Additional experimental details. “Each of the twelve animals underwent two recording sessions on two different days.” Is this 2 recording sessions on each of two days or in total across two days? During each session, how many 30 second trials were presented at each contrast level? Were all contrast levels tested within a session, and if so, were they randomized? The specific contrast levels tested appear missing from the methods; we assume from Figure 2 that 6 levels were tested in total.

It was hard to find the source of the total number of recordings (e.g. Figure 2 C, left, 350 recordings across 12 animals). Our assumption was that this number would reflect 4 recording sessions per animal x 6 contrast levels (5 for 5 of the animals) x 12 animals, but that yields 268 recordings.

Fig 1b shows the scale in dB but dB normalization was not described in the methods.

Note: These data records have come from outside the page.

Lemma sum_le_telescoping (R : realFieldType) (T : nat) (th L B D : nat -> R)
    (G : nat -> nat -> R) :
  (0 < T)%N -> (forall t, (t < T)%N -> 0 < th t) ->
  (forall t, (t.+1 < T)%N -> th t <= th t.+1) ->
  (forall t, (t < T)%N -> 0 <= G t.+1 t) ->
  (forall t, (t.+1 < T)%N -> G t.+1 t.+1 - G t.+1 t <= D t.+1) ->
  (forall t, (t < T)%N -> L t <= B t + (th t)^-1 * (G t t - G t.+1 t)) ->
  \sum_(0 <= t < T) L t <= (th 0%N)^-1 * G 0%N 0%N
    + \sum_(1 <= t < T) (th t)^-1 * D t + \sum_(0 <= t < T) B t.
Proof.
move=> T_gt0 th_gt0 th_incr G_ge0 G_jump L_le.
suff partial k : (k < T)%N ->
    \sum_(0 <= t < k.+1) L t + (th k)^-1 * G k.+1 k <= (th 0%N)^-1 * G 0%N 0%N
      + \sum_(1 <= t < k.+1) (th t)^-1 * D t + \sum_(0 <= t < k.+1) B t.
  have lastT : (T.-1 < T)%N by rewrite prednK.
  have thV_ge0 : 0 <= (th T.-1)^-1 by rewrite invr_ge0 ltW ?th_gt0.
  have := mulr_ge0 thV_ge0 (G_ge0 _ lastT).
  by move: (partial _ lastT); rewrite prednK //; lra.
elim: k => [|k IH] k_lt.
  by rewrite !big_nat1 big_geq // addr0; have := L_le 0%N k_lt; lra.
have k_lt' := ltnW k_lt; have th_k := th_gt0 k k_lt'; have th_k1 := th_gt0 k.+1 k_lt.
have weight_decr : (th k.+1)^-1 * G k.+1 k <= (th k)^-1 * G k.+1 k.
  by rewrite ler_wpM2r ?G_ge0 // lef_pV2 ?posrE ?th_incr.
rewrite !(big_nat_recr k.+1) //=.
have thV_ge0 : 0 <= (th k.+1)^-1 by rewrite invr_ge0 ltW.
have := ler_wpM2l thV_ge0 (G_jump k k_lt).
by have := IH k_lt'; have := L_le k.+1 k_lt; lra.
Qed.

Section Projection.
Variables (R : realType) (E : completeNormedModType R) (ip : E -> E -> R).
Hypothesis ipE : is_inner_product ip.
Variable C : set E.
Hypotheses (C0 : C !=set0) (closedC : closed C) (convC : convex_set C).

Lemma nearest_exists x : exists p, nearest C x p.
Proof.
set S := [set `|x - c| ^+ 2 | c in C].
have S0 : S !=set0 by case: C0 => c Cc; exists (`|x - c| ^+ 2), c.
set d := inf S.
have d_lb c : C c -> d <= `|x - c| ^+ 2.
  by move=> Cc; apply: ge_inf; [exists 0 => _ [y _ <-]; exact: sqr_ge0 | exists c].
have approx n : exists c, C c /\ `|x - c| ^+ 2 < d + n.+1%:R^-1.
  have /(inf_lt S0)[_ [c Cc <-] lt_c] : d < d + n.+1%:R^-1.
    by rewrite ltrDl invr_gt0 ltr0Sn.
  by exists c.
have [u uP] := choice approx.
have u_close n m : `|u n - u m| ^+ 2 <= 2 * (n.+1%:R^-1 + m.+1%:R^-1).
  have [[Cn ltn] [Cm ltm]] := (uP n, uP m).
  have := sqr_normB_le_excess ipE convC d_lb Cn Cm.
  by move: ltn ltm; move: (n.+1%:R^-1) (m.+1%:R^-1) => en em; lra.
have /cauchy_cvg u_cvg : cauchy (u @ \oo).
  apply: cauchy_exP => e e_gt0.
  have q_gt0 : 0 < e ^+ 2 / 4 by apply: divr_gt0; [exact: exprn_gt0 | lra].
  have [N _ NP] := near_infty_natSinv_lt (PosNum q_gt0).
  exists (u N), N => // n /= Nn; rewrite -ball_normE /ball_ /=.
  have n_le_N : n.+1%:R^-1 <= N.+1%:R^-1 :> R.
    by rewrite lef_pV2 ?posrE ?ltr0Sn // ler_nat ltnS.
  have := NP N (leqnn N); rewrite /= => N_small.
  rewrite -(ltr_pXn2r (_ : 0 < 2)%N) ?nnegrE ?(ltW e_gt0) //.
  apply: le_lt_trans (u_close N n) _.
  by move: n_le_N N_small; move: (n.+1%:R^-1) (N.+1%:R^-1) => en eN; lra.
exists (limn u); split.
  apply: (closed_cvg C closedC) u_cvg.
  by apply: nearW => n; exact: (uP n).1.
move=> c Cc; rewrite -(ler_pXn2r (_ : 0 < 2)%N) ?nnegrE //.
apply: le_trans (d_lb c Cc); apply/ler_addgt0Pr => e e_gt0.
have dist_cvg : (`|x - u n| ^+ 2 @[n --> \oo]) --> `|x - limn u| ^+ 2.
  by rewrite expr2; apply: cvgM; apply: cvg_norm; apply: cvgB => //; exact: cvg_cst.
apply: (cvgr_to_le dist_cvg); near=> n.
apply: ltW; apply: lt_le_trans (uP n).2 _; rewrite lerD2l ltW //.
by near: n; exact: (near_infty_natSinv_lt (PosNum e_gt0)).
Unshelve. all: by end_near.
Qed.

Lemma projP x : nearest C x (proj C x).
Proof.
rewrite /proj; case: xgetP => // none.
by have [p near_p] := nearest_exists x; have := none p.
Qed.

Lemma proj_mem x : C (proj C x).
Proof. by case: (projP x). Qed.

Lemma proj_ip_le0 x c : C c -> ip (x - proj C x) (c - proj C x) <= 0.
Proof. exact/nearest_ip_le0/projP. Qed.

Lemma proj_id c : C c -> proj C c = c.
Proof.
move=> Cc; have [_ /(_ c Cc)] := projP c.
by rewrite subrr normr0 normr_le0 subr_eq0 => /eqP <-.
Qed.

Lemma proj_nonexpansive x y : `|proj C x - proj C y| <= `|x - y|.
Proof.
have vix := proj_ip_le0 x (proj_mem y); have viy := proj_ip_le0 y (proj_mem x).
have cs := ip_le_normM ipE (x - y) (proj C x - proj C y).
have : `|proj C x - proj C y| ^+ 2 <= `|x - y| * `|proj C x - proj C y|.
  by move: vix viy cs; ip_expand ipE; lra.
by have := normr_ge0 (proj C x - proj C y); have := normr_ge0 (x - y); nra.
Qed.

Definition proj_gap (u z : E) : R := (`|z - u| ^+ 2 - `|proj C u - u| ^+ 2) / 2.

Lemma proj_gap_ge0 u z : C z -> 0 <= proj_gap u z.
Proof.
move=> Cz; have [_ /(_ z Cz)] := projP u; rewrite /proj_gap !(distrC u).
by have := normr_ge0 (proj C u - u); nra.
Qed.

Lemma proj_gap_sub_le u z z' : proj_gap u z - proj_gap u z' <= `|z - u| * `|z - z'|.
Proof.
have := ip_le_normM ipE (z - u) (z - z'); have := sqr_ge0 `|z - z'|.
by rewrite /proj_gap; ip_expand ipE; lra.
Qed.

Lemma optimistic_step u X H z : C z ->
  ip X (proj C (proj C u - H) - z) <=
    Qstar (diam C) `|X - H| - `|proj C (proj C u - H) - proj C u| ^+ 2 / 2
    + (proj_gap u z - proj_gap (u - X) z).
Proof.
move=> Cz; set p := proj C u; set p' := proj C (u - X); set w := proj C (p - H).
have vi_p : ip (u - p) (p' - p) <= 0 by apply/proj_ip_le0/proj_mem.
have vi_w : ip (p - H - w) (p' - w) <= 0 by apply/proj_ip_le0/proj_mem.
have cauchy_schwarz := ip_le_normM ipE (X - H) (w - p').
have young := Qstar_young (normr_ge0 (X - H)) (normr_ge0 (w - p'))
  (diam_ge (proj_mem _) (proj_mem _)).
by move: vi_p vi_w cauchy_schwarz young; rewrite /proj_gap; ip_expand ipE; lra.
Qed.

Lemma round_bound_Qstar th u g h z : 0 < th -> C z ->
  ip g (proj C (proj C u - th *: h) - z) <=
    th^-1 * Qstar (diam C) (th * `|g - h|)
    - th^-1 / 2 * `|proj C (proj C u - th *: h) - proj C u| ^+ 2
    + th^-1 * (proj_gap u z - proj_gap (u - th *: g) z).
Proof.
move=> th_gt0 Cz; have := optimistic_step u (th *: g) (th *: h) Cz.
rewrite (ipZl ipE) -scalerBr normrZ gtr0_norm // -ler_pdivlMl //; lra.
Qed.

Lemma round_bound_Phi th u g h z : 0 < th -> C z ->
  ip g (proj C (proj C u - th *: h) - z) <=
    th^-1 * Phi (diam C) th g h
    - th^-1 / 2 * `|proj C (proj C u - th *: yhat g h) - proj C u| ^+ 2
    + th^-1 * (proj_gap u z - proj_gap (u - th *: g) z).
Proof.
move=> th_gt0 Cz; set x := proj C (_ - th *: h); set y := proj C (_ - th *: yhat g h).
have := optimistic_step u (th *: g) (th *: yhat g h) Cz.
rewrite -/y (ipZl ipE) -scalerBr normrZ gtr0_norm // norm_sub_yhat => step.
have xy_le : `|x - y| <= min_rho (diam C) (th * Num.max (`|g - h| - `|g|) 0).
  apply: le_min_rho; last exact: diam_ge (proj_mem _) (proj_mem _).
  apply: le_trans (proj_nonexpansive _ _) _.
  by rewrite opprB addrC addrA subrK -scalerBr normrZ gtr0_norm // norm_yhat_sub.
have xy_ip : ip g (x - y) <= `|g| * min_rho (diam C) (th * Num.max (`|g - h| - `|g|) 0).
  exact: le_trans (ip_le_normM ipE g _) (ler_wpM2l (normr_ge0 g) xy_le).
have split_xz : ip g (x - z) = ip g (y - z) + ip g (x - y) by ip_expand ipE; lra.
move: step; rewrite -ler_pdivlMl // => step.
rewrite split_xz /Phi mulrDr -[th * _ * _]mulrA mulKf ?gt_eqF //; lra.
Qed.

Lemma lazy_projection_telescoping (a : E) (T : nat) (theta : nat -> R)
    (g z : nat -> E) (L B : nat -> R) :
  let u t := a - \sum_(0 <= i < t) theta i *: g i in
  C a -> (0 < T)%N -> (forall t, (t < T)%N -> 0 < theta t) ->
  (forall t, (t.+1 < T)%N -> theta t <= theta t.+1) ->
  (forall t, (t < T)%N -> C (z t)) ->
  (forall t, (t < T)%N ->
     L t <= B t + (theta t)^-1 * (proj_gap (u t) (z t) - proj_gap (u t.+1) (z t))) ->
  \sum_(0 <= t < T) L t <= (theta 0%N)^-1 / 2 * `|z 0%N - a| ^+ 2
    + \sum_(1 <= t < T) (theta t)^-1
        * `|z t - a + \sum_(0 <= i < t) theta i *: g i| * `|z t - z t.-1|
    + \sum_(0 <= t < T) B t.
Proof.
move=> u Ca T_gt0 theta_gt0 theta_incr Cz L_le.
have -> : (theta 0%N)^-1 / 2 * `|z 0%N - a| ^+ 2
    = (theta 0%N)^-1 * proj_gap (u 0%N) (z 0%N).
  by rewrite /proj_gap /u big_geq // subr0 proj_id // subrr normr0 expr0n /=; ring.
have -> : \sum_(1 <= t < T) (theta t)^-1
    * `|z t - a + \sum_(0 <= i < t) theta i *: g i| * `|z t - z t.-1|
    = \sum_(1 <= t < T) (theta t)^-1 * (`|z t - u t| * `|z t - z t.-1|).
  by apply: eq_bigr => t _; rewrite /u opprB addrCA addrC mulrA.
exact: (sum_le_telescoping (G := fun t s => proj_gap (u t) (z s)))
  T_gt0 theta_gt0 theta_incr (fun t tT => proj_gap_ge0 (u t.+1) (Cz t tT))
  (fun t _ => proj_gap_sub_le (u t.+1) (z t.+1) (z t)) L_le.
Qed.

End Projection.

Lemma regret_le_linearized (R : realType) (E : normedModType R) (ip : E -> E -> R)
    (T : nat) (phi : nat -> E -> \bar R) (x z g : nat -> E) :
  is_inner_product ip ->
  (forall t, (t < T)%N -> subdiff ip (phi t) (x t) (g t)) ->
  (forall t, (t < T)%N -> dom_subdiff ip (phi t) (z t)) ->
  (\sum_(0 <= t < T) phi t (x t) - \sum_(0 <= t < T) phi t (z t)
    <= (\sum_(0 <= t < T) ip (g t) (x t - z t))%:E)%E.
Proof.
move=> ipE gP zP.
have fin_x t : (t < T)%N -> phi t (x t) = (fine (phi t (x t)))%:E.
  by move=> /gP[[r ->]].
have fin_z t : (t < T)%N -> phi t (z t) = (fine (phi t (z t)))%:E.
  by move=> /zP[g' [[r ->]]].
rewrite (eq_big_nat _ _ (fun t tT => fin_x t (andP tT).2)).
rewrite (eq_big_nat _ _ (fun t tT => fin_z t (andP tT).2)).
rewrite !sumEFin -EFinB lee_fin -sumrB; apply: ler_sum_nat => t /andP[_ tT].
have [_ /(_ (z t))] := gP t tT; rewrite fin_x // fin_z // -EFinD lee_fin.
by ip_expand ipE; lra.
Qed.

Unset Implicit Arguments.
Theorem corollary5 (R : realType) (E : completeNormedModType R)
  (ip : E -> E -> R) (hip : is_inner_product ip)
  (C : set E) (hC0 : C !=set0) (hCcl : closed C) (hCcv : convex_set C)
  (a : E) (ha : C a) (T : nat) (hT : (0 < T)%N)
  (theta : nat -> R) (htheta0 : 0 < theta 0%N)
  (htheta : forall t, (t.+1 < T)%N -> theta t <= theta t.+1)
  (phi : nat -> E -> \bar R) (xs xh : nat -> E)
  (hphi : forall t, (t < T)%N -> proper_fun (phi t))
  (hdom : forall t, (t < T)%N -> C `<=` dom_subdiff ip (phi t))
  (hxs : forall t, (t < T)%N ->
     subdiff ip (phi t) (xplay C a theta xs xh t) (xs t))
  (z : nat -> E) (hz : forall t, (t < T)%N -> C (z t)) :
  let rho := diam C in
  let x := xplay C a theta xs xh in
  let xt := xtilde C a theta xs in
  let y := yplay C a theta xs xh in
  let regret := (\sum_(0 <= t < T) phi t (x t) - \sum_(0 <= t < T) phi t (z t))%E in
  let common := (theta 0%N)^-1 / 2 * `|z 0%N - a| ^+ 2
     + \sum_(1 <= t < T) (theta t)^-1
         * `|z t - a + \sum_(0 <= i < t) theta i *: xs i| * `|z t - z t.-1| in
  (regret <= (common
     + \sum_(0 <= t < T) (theta t)^-1 * Qstar rho (theta t * `|xs t - xh t|)
     - \sum_(0 <= t < T) (theta t)^-1 / 2 * `|x t - xt t| ^+ 2)%:E)%E /\
  (regret <= (common
     + \sum_(0 <= t < T) (theta t)^-1 * Phi rho (theta t) (xs t) (xh t)
     - \sum_(0 <= t < T) (theta t)^-1 / 2 * `|y t - xt t| ^+ 2)%:E)%E.
Proof.
move=> rho x xt y regret common.
have theta_gt0 t : (t < T)%N -> 0 < theta t.
  by elim: t => [//|t IH] tT; apply: lt_le_trans (IH (ltnW tT)) (htheta t tT).
have linearized : (regret <= (\sum_(0 <= t < T) ip (xs t) (x t - z t))%:E)%E.
  by apply: regret_le_linearized => // t tT; apply: hdom (hz t tT).
split; apply: le_trans linearized _; rewrite lee_fin -addrA -sumrB;
  apply: (lazy_projection_telescoping hip hC0 hCcl hCcv) => // t tT;
  rewrite big_nat_recr //= opprD addrA.
- exact (round_bound_Qstar hip hC0 hCcl hCcv _ _ _ (theta_gt0 t tT) (hz t tT)).
- exact (round_bound_Phi hip hC0 hCcl hCcv _ _ _ (theta_gt0 t tT) (hz t tT)).
Qed.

Extracting broadband and narrowband gamma. Authors may want to consider modeling oscillatory and broadband gamma activities through an approach such as fooof (Donoghue et al., 2020, Nature Neuroscience); the current band limited approach matches previous studies but may lose some information.

Fig 1B

"narrow band (middle, black) and broad band (black). “ Should this be broad band (gray)?

Code availability

Neither reviewer was able to access the code. It is necessary for code to be available, and we frequently find that other researchers have difficulty implementing code. Please upload to an anonymized hub (e.g. github) so the code can be tested. Alternatively you could remove the double blind.

Author Response

Dear Editors,

Thanks for this precious opportunity to improve our manuscript to reach the quality necessary for the publication on eNeuro. Below you find in red our point-by-point replies to the comments.

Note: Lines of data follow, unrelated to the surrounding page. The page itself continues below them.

(* For all integers $m\ge2$ and $p\ge1$, $$E\,|C_m(p;\mathbf U_1)-C_m(p-1;\mathbf U_1)|\le 2+16m.$$
   Context: Let $U_1,U_2,\ldots$ be i.i.d. uniform random variables on $[0,1]$ and $\mathbf U_k=(U_k,U_{k+1},\ldots)$ for $k\ge1$. For integers $m\ge1$, $n\ge0$, $k\ge1$, define $C_m(n;\mathbf U_k)$ recursively (in $n$) by $C_m(n;\mathbf U_k)=0$ for $0\le n\le m-1$, and for $n\ge m$, writing $V=\lfloor nU_k\rfloor$, $$C_m(n;\mathbf U_k)=n-1+C_m(V;\mathbf U_{k+1})+C_{m-1-V}(n-1-V;\mathbf U_{k+1})\,\mathbf 1(V<m-1).$$ (This is the number of comparisons made by Quickselect to find the $m$-th smallest of $n$ distinct numbers.) *)

From HB Require Import structures.
From mathcomp Require Import all_boot all_order all_algebra.
From mathcomp Require Import all_classical all_reals all_analysis.
Set Implicit Arguments. Unset Strict Implicit. Unset Printing Implicit Defensive.
Import Order.TTheory GRing.Theory Num.Theory.
Local Open Scope classical_set_scope.
Local Open Scope ring_scope.

Definition mutually_independent {d} {T : measurableType d} {R : realType}
  (P : probability T R) (U : nat -> {RV P >-> R}) : Prop :=
  forall (I : seq nat), uniq I ->
  forall (B : nat -> set R), (forall i, measurable (B i)) ->
  P (\bigcap_(i in [set` I]) (U i @^-1` B i)) =
  (\prod_(i <- I) P (U i @^-1` B i))%E.

Definition uniform01 {d} {T : measurableType d} {R : realType}
  (P : probability T R) (X : {RV P >-> R}) : Prop :=
  forall A : set R, measurable A ->
  distribution P X A = uniform_prob (@ltr01 R) A.

(* Quickselect comparison count, computed from a realization u of the
   sequence (u k = U_{k+1}, i.e. 0-based indexing), with fuel. *)
Fixpoint Cfuel {R : realType} (fuel m n : nat) (u : nat -> R) (k : nat) : R :=
  match fuel with
  | 0 => 0
  | f.+1 =>
    if (n < m)%N then 0 else
    let V := minn (Num.truncn (n%:R * u k)) n.-1 in
    (n%:R - 1) + Cfuel f m V u k.+1
      + (if (V < m.-1)%N then Cfuel f (m.-1 - V) (n.-1 - V) u k.+1 else 0)
  end.

(* C_m(n; U_{k+1}) (0-based k); fuel n.+1 suffices since n strictly decreases. *)
Definition Cqs {R : realType} (m n : nat) (u : nat -> R) (k : nat) : R :=
  Cfuel n.+1 m n u k.

(* Drive the runs of Quickselect on p and p - 1 keys by the same uniforms.  Their first
   pivots have ranks V = floor(p U_1) and V' = floor((p - 1) U_1), and V' is V or V - 1.
   Unfolding one partitioning step in both runs bounds |C_m(p) - C_m(p - 1)| by 1 plus
   either a difference of the same kind for fewer keys, or at most two comparison counts
   for fewer keys, whose means are at most 4 times their size (the classical bound,
   proved by the same one-step recursion).  These terms only depend on U_2, U_3, ...,
   which are independent of U_1, so strong induction on p bounds their means given U_1,
   and averaging over the explicit law of (V, V' = V) gives 2 + 16 m. *)

From HB Require Import structures.
From mathcomp Require Import all_boot all_order all_algebra.
From mathcomp Require Import all_classical all_reals all_analysis.
From mathcomp Require Import ring lra zify.

Set Implicit Arguments. Unset Strict Implicit. Unset Printing Implicit Defensive.
Import Order.TTheory GRing.Theory Num.Theory.
Local Open Scope classical_set_scope.
Local Open Scope ring_scope.

Lemma natr_pred (R : pzRingType) n : (0 < n)%N -> (n.-1%:R : R) = n%:R - 1.
Proof. by move=> n0; rewrite -subn1 natrB. Qed.

Section Quickselect.
Variable R : realType.
Implicit Types (u : nat -> R) (x : R).

(* The rank [V] of the first pivot; the [minn] only matters when [x >= 1]. *)
Definition pivot n x : nat := minn (Num.truncn (n%:R * x)) n.-1.

Lemma pivot_le n x : (pivot n x <= n.-1)%N.
Proof. exact: geq_minr. Qed.

Lemma pivot_lt n x : (0 < n)%N -> (pivot n x < n)%N.
Proof. by move=> n0; rewrite (leq_ltn_trans (pivot_le n x)) // prednK. Qed.

Lemma leq_pivot n x t : (t <= n.-1)%N ->
  (t <= pivot n x)%N = (t == 0%N) || (t%:R <= n%:R * x).
Proof.
by move=> tn; rewrite leq_min tn andbT; case: t tn => //= t _; rewrite truncn_gt_nat.
Qed.

Lemma pivot_leq n x t : (t < n.-1)%N -> (pivot n x <= t)%N = (n%:R * x < t.+1%:R).
Proof. by move=> tn; rewrite geq_min truncn_le_nat leqNgt tn orbF. Qed.

Lemma CfuelE u f m n k : Cfuel f.+1 m n u k =
  if (n < m)%N then 0 else
    (n%:R - 1) + Cfuel f m (pivot n (u k)) u k.+1
    + (if (pivot n (u k) < m.-1)%N
       then Cfuel f (m.-1 - pivot n (u k)) (n.-1 - pivot n (u k)) u k.+1 else 0).
Proof. by []. Qed.

Lemma Cfuel_enough u f m n k : (0 < m)%N -> (n < f)%N -> Cfuel f m n u k = Cqs m n u k.
Proof.
elim/ltn_ind: f m n k => -[//|f] IH m n k m0 nf.
rewrite /Cqs !CfuelE; case: ltnP => // mn.
have n0 := leq_trans m0 mn.
have Vn := pivot_lt (u k) n0.
have Vf : (pivot n (u k) < f)%N by apply: leq_trans Vn _.
rewrite (IH f) // (IH n) //; case: ifP => // Vm.
have m'0 : (0 < m.-1 - pivot n (u k))%N by rewrite subn_gt0.
have n'f : (n.-1 - pivot n (u k) < n)%N.
  by apply: leq_ltn_trans (leq_subr _ _) _; rewrite prednK.
by rewrite (IH f) ?(leq_trans n'f) // (IH n).
Qed.

Lemma Cqs_lt m n u k : (n < m)%N -> Cqs m n u k = 0.
Proof. by move=> nm; rewrite /Cqs CfuelE nm. Qed.

Lemma CqsE m n u k : (0 < m)%N -> (m <= n)%N ->
  Cqs m n u k = (n%:R - 1) + Cqs m (pivot n (u k)) u k.+1
    + (if (pivot n (u k) < m.-1)%N
       then Cqs (m.-1 - pivot n (u k)) (n.-1 - pivot n (u k)) u k.+1 else 0).
Proof.
move=> m0 mn; have n0 := leq_trans m0 mn.
have Vn := pivot_lt (u k) n0.
rewrite [LHS]/Cqs CfuelE ltnNge mn /= Cfuel_enough //; case: ifP => // Vm.
by rewrite Cfuel_enough ?subn_gt0 // (leq_ltn_trans (leq_subr _ _)) // prednK.
Qed.

Lemma Cqs_ge0 m n u k : (0 < m)%N -> 0 <= Cqs m n u k.
Proof.
elim/ltn_ind: n m k => n IH m k m0.
have [nm|mn] := ltnP n m; first by rewrite Cqs_lt.
have n0 := leq_trans m0 mn.
have Vn := pivot_lt (u k) n0.
rewrite CqsE //; apply: addr_ge0; first apply: addr_ge0.
- by rewrite subr_ge0 ler1n.
- exact: IH.
case: ifP => // Vm; apply: IH; last by rewrite subn_gt0.
by rewrite (leq_ltn_trans (leq_subr _ _)) // prednK.
Qed.

End Quickselect.

Section PivotAverages.
Variable R : realFieldType.

Definition sum_pow0 (A B : R) := B - A.
Definition sum_pow1 (A B : R) := (B * (B - 1) - A * (A - 1)) / 2.
Definition sum_pow2 (A B : R) :=
  ((B - 1) * B * (2 * B - 1) - (A - 1) * A * (2 * A - 1)) / 6.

Thanks again, kindest regards,

The corresponding author

Editorial comments

1) If you would like to include a visual abstract with your revision, you can refer to instructions found here: https://www.eneuro.org/content/preparing-manuscript#visual

We are grateful for this opportunity. We prepared this graphical abstract:

2) In an effort to improve rigor, transparency, and reproducibility, eNeuro strongly encourages the use of estimation statistics. Please refer to the editorial (https://doi.org/10.1523/ENEURO.0259-19.2019) and commentary (https://doi.org/10.1523/ENEURO.0205-19.2019) for the why and how.

If the use of estimation statistics applies to your research, you may consider including it for the revision. We will regularly highlight these papers to the community to show how helpful estimation statistics can be, increasing the exposure of your work.2

We thank the editor for pointing this issue out. We are of course sympathetic with the mission of eNeuro of improving inference statistics by endowing null-hypothesis statistical testing with quantitative estimation ofeffect sizes and their uncertainties. The only section of our work for which estimation statistics might apply is Broad and narrow band are modulated by complementary contrast ranges over different temporal windows. Actually, we have already reported the data ranges for each comparison in the section. Following the editor’s suggestion, now we also modified our Figure 2 by using the freely available estimation graphic software DABEST (Ho et al., 2019) that is now mentioned in Materials and Methods -> Network model ->

Statistical analysis:

Statistical analysis [...]. As for the results presented in Figure 2 we adopted the estimation graphics package presented in (Ho et al., 2019).

We modified the caption of Figure 2 accordingly:

Figure 2. Narrow and broad band gamma contrast-driven modulation in layer IV of mouse V1.

(B) PSD of NB (left), low BB (middle), high BB (right) as a function of visual contrast pooled across all animals and recordings over the whole [0 500] ms stimulation interval. On upper boxes, the horizontal red line indicates the median, bottom and top edge indicate the 25th and 75th percentiles. The whiskers extend to the most extreme data points not considered outliers (which are represented by red pluses). Asterisks indicate significant post-hoc pairwise difference (Kruskal-Wallis followed by Dunn’s test p<0.05). ‘n.s.’ indicates non-significant statistical difference across contrasts. Individual experimental data points are indicated as gray circles. Lower boxes display the mean difference in power spectral density, ΔPSD, between a reference contrast (K=0 for NB and K=30 for the BB) and the other contrast levels. Black whiskers indicate the 95% confidence interval obtained though non-parametric bias-corrected bootstrap resampling (Ho et al., 2019).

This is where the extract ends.